What I'm trying to do: Fire scene photography
I'm delving into the world of public safety photography, and since I'm an ex-firefighter, I've chosen to use working fire scenes as the basis of my work. Shooting these scenes during the day is not a problem with the equipment and glass I have, but night time scenes are an entirely different story. And while I know that a faster lens is the simplest solution to my problem, my extremely limited budget has kept the solution out of my hands.
My question is, will the D200 give me better low light results with my existing glass? I had a guy at a camera shop tell me that the D200 will do alot better since it performs better at the higher ISO settings, but my research is giving me conflicting information. If buying a D200 will yield better results, I can easily sell my D60 body to offset the cost. But I can't afford to spend $800 to $1500 on an faster zoom lens.
I shoot in shutter priority mode, with my shutter set anywhere from 1/60 down to 1/8. I get great exposure but extreme blurring at the slower shutter speeds, and using a tripod on these scenes isn't practical given the amount of moving around and angles I try to shoot. I'd like to be able to shoot at 1/60 or higher, but the pictures of course come out unuseable.
Any feedback you can provide on whether or not the D200 will help would be great, as well as any tips for tweaking my equipment or settings to shoot better pictures in low light. Thank you all for your time and advice.....
#2. "RE: Nikon D60 vs. D200 for low light shooting?" | In response to Reply # 0Covey22 Charter MemberSun 12-Apr-09 12:40 AM | edited Sun 12-Apr-09 12:47 AM by Covey22
In my stage and concert shooting which is ambient light (no flash), the D200 really tops out at ISO800. Anything after that is going to require your exposure be absolutely dead-on AND dedicated noise reduction post-processing. Even then, you will have to push your workflow pretty hard to make saleable images that have the potential to be enlarged.
The build and response performance of the D200 will definitely be a step up from the D60, but what you really need is faster aperture lenses. Even at ISO1600, a lens that maxes out at f5.6 is way too slow in night/action photography. Given your budget limitations, go with two fast primes, which would give you the necessary tools to freeze action and not break the bank. A 35mm f1.8 DX and an 85mm f.1.8 would be an excellent starting point. Depending on how close they'll let you get to the action, you may need a short 135mm or even a 180mm.
#3. "RE: Nikon D60 vs. D200 for low light shooting?" | In response to Reply # 0mtpenmaker Registered since 23rd Aug 2007Sun 12-Apr-09 12:41 AM
The short and simple answer is that a D200 won't do any better. In fact, you may well get cleaner images at high ISO(800-1600) with the D60.

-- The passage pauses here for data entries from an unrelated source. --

Lemma level_or_X_cover e : e \in Kedges n ->
  (exists2 i, 1 <= i <= (n - 1) %/ 2 & e \in level i) \/
  (exists2 k, (n - 1) %/ 2 <= k < n & e \in X k).
Proof.
rewrite inE => /cards2P [a [b [ab ->]]].
wlog a_lt_b : a b ab / a < b.
  move=> IH; case: (ltngtP a b) => [|b_lt_a|/ord_inj a_eq_b]; first exact: IH.
    by rewrite setUC; apply: IH; rewrite // eq_sym.
  by rewrite a_eq_b eqxx in ab.
case: (ltnP b n) => [b_top | b_bot].
  have [i i_bd e_in] := top_edge_level a_lt_b b_top.
  by left; exists i; rewrite // !in_setU e_in.
case: (ltnP a n) => [a_top | a_bot].
  have [k k_lt e_in] := cross_complete hX a_top b_bot.
  case: (ltnP k ((n - 1) %/ 2)) => k_small; last by right; exists k; rewrite ?k_small.
  by left; exists k.+1; [lia | rewrite /level !in_setU subn1 /= e_in orbT].
have [i i_bd e_in] := bottom_edge_level a_lt_b a_bot.
by left; exists i; rewrite // !in_setU e_in orbT.
Qed.

Definition factor_or_X (d : (nat * nat) + nat) : edgeset n :=
  match d with inl p => factor p.1 p.2 | inr k => X k end.

Definition factor_index (d : (nat * nat) + nat) : Prop :=
  match d with
  | inl p => (1 <= p.1 <= (n - 1) %/ 2) /\ (1 <= p.2 <= 3)
  | inr k => (n - 1) %/ 2 <= k <= n - 1
  end.

Theorem one_factorization_factor_or_X : one_factorization factor_index factor_or_X.
Proof.
split.
- case=> [[i j] [i_bd _] | k /= k_bd]; [exact: one_factor_factor | apply: one_factor_X; lia].
- case=> [[i j] | k]; case=> [[i' j'] | k'] /=.
  + move=> [i_bd j_bd] [i'_bd j'_bd] neq; have [ii' | ii'] := eqVneq i i'.
      subst i'; apply: disjoint_factor => //.
      by apply/eqP => jj'; apply: neq; rewrite jj'.
    apply: disjointWl (factor_sub_level i_bd j_bd) _.
    exact: disjointWr (factor_sub_level i'_bd j'_bd) (disjoint_level i_bd i'_bd ii').
  + move=> [i_bd j_bd] k'_bd _; apply: disjointWl (factor_sub_level i_bd j_bd) _.
    by apply: disjoint_level_X => //; lia.
  + move=> k_bd [i'_bd j'_bd] _; rewrite disjoint_sym.
    apply: disjointWl (factor_sub_level i'_bd j'_bd) _.
    by apply: disjoint_level_X => //; lia.
  + move=> k_bd k'_bd neq; apply: disjoint_X; [lia | lia |].
    by apply/eqP => kk'; apply: neq; rewrite kk'.
- move=> e /level_or_X_cover [[i i_bd] | [k k_bd e_in]]; last by exists (inr k); split=> //=; lia.
  rewrite -factor_union // !in_setU -orbA => /or3P [e_in | e_in | e_in].
  + by exists (inl (i, 1)).
  + by exists (inl (i, 2)).
  + by exists (inl (i, 3)).
Qed.

Definition grid_factor i j :=
  if i <= (n - 1) %/ 2 then factor i j else X (3 * i - n - 2 + (j - 1)).

Lemma lemma6_prop_grid_factor : lemma6_prop X grid_factor.
Proof.
have grid_level i j : i <= (n - 1) %/ 2 -> grid_factor i j = factor i j.
  by rewrite /grid_factor => ->.
have grid_union i : 1 <= i <= (n - 1) %/ 2 ->
    grid_factor i 1 :|: grid_factor i 2 :|: grid_factor i 3 = Afam n i :|: Bfam n i :|: X (i - 1).
  by move=> i_bd; rewrite !grid_level ?factor_union //; lia.
split=> [n_5 | n_1]; last first.
  split=> //; apply: (one_factorization_reindex (phi := id) _ _ _ one_factorization_factor_or_X).
  - case=> [[i j] /= [i_bd j_bd] | k k_bd] /=; last by [].
    by split; [split | rewrite grid_level //; lia].
  - by [].
  - by move=> p p_ok; exists p.
split; [ | exact: grid_union | move=> i i_bd]; last first.
  have i_big : (i <= (n - 1) %/ 2) = false by lia.
  by rewrite /grid_factor i_big; split; congr X; lia.
pose phi (p : nat * nat) :=
  if p.1 <= (n - 1) %/ 2 then inl p else inr (3 * p.1 - n - 2 + (p.2 - 1)).
apply: (one_factorization_reindex (phi := phi) _ _ _ one_factorization_factor_or_X).
- case=> i j /= [i_bd j_bd]; rewrite /phi /grid_factor /=.
  by case: ifP => i_small /=; split=> //; lia.
- case=> i j [i' j'] /= [i_bd j_bd] [i'_bd j'_bd]; rewrite /phi /=.
  case: ifP => i_small; case: ifP => i'_small //; first by case=> -> ->.
  by case=> E; congr pair; lia.
- case=> [[i j] /= [i_bd j_bd] | k /= k_bd]; first by exists (i, j); rewrite /phi /= ?ifT //; lia.
  exists ((k + n + 2) %/ 3, (k + n + 2) %% 3 + 1); rewrite /phi /=; first by lia.
  by rewrite ifN; [congr inr | ]; lia.
Qed.

End Assembly.

Theorem lemma6 (n : nat) :
  7 <= n -> (n %% 6 = 1 \/ n %% 6 = 5) ->
  (exists R : nat -> nat -> edgeset n, lemma6_prop (Cfam n) R) /\
  (exists T : nat -> nat -> edgeset n, lemma6_prop (Dfam n) T).
Proof.
move=> _ n_mod6; have n_odd : odd n by case: n_mod6; lia.
split.
- exists (grid_factor (C_partner n) (Cfam n)).
  exact: lemma6_prop_grid_factor n_odd (Cfam_cross_family n).
- exists (grid_factor (D_partner n) (Dfam n)).
  exact: lemma6_prop_grid_factor n_odd (Dfam_cross_family n).
Qed.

For faster glass you have a couple of options that are about the same price as a D200 body. If you want a zoom, the best you can do is a constant f/2.8 aperture. The Tamron 17-50 f/2.8 is $419.95 at B&H and it will AF on the D60. I have this lens and it is an excellent lens. If you don't absolutely need a zoom, the Sigma 30mm f/1.8 EX DC HSM is $409 at B&H.
The other possibility is that you aren't allowing the VR to stabilize with the 18-55mm before releasing the shutter, assuming that is the version you have. If it isn't, you may want to consider that lens although it is amazingly slow at the 55mm end, 2 full stops slower than the Tamron.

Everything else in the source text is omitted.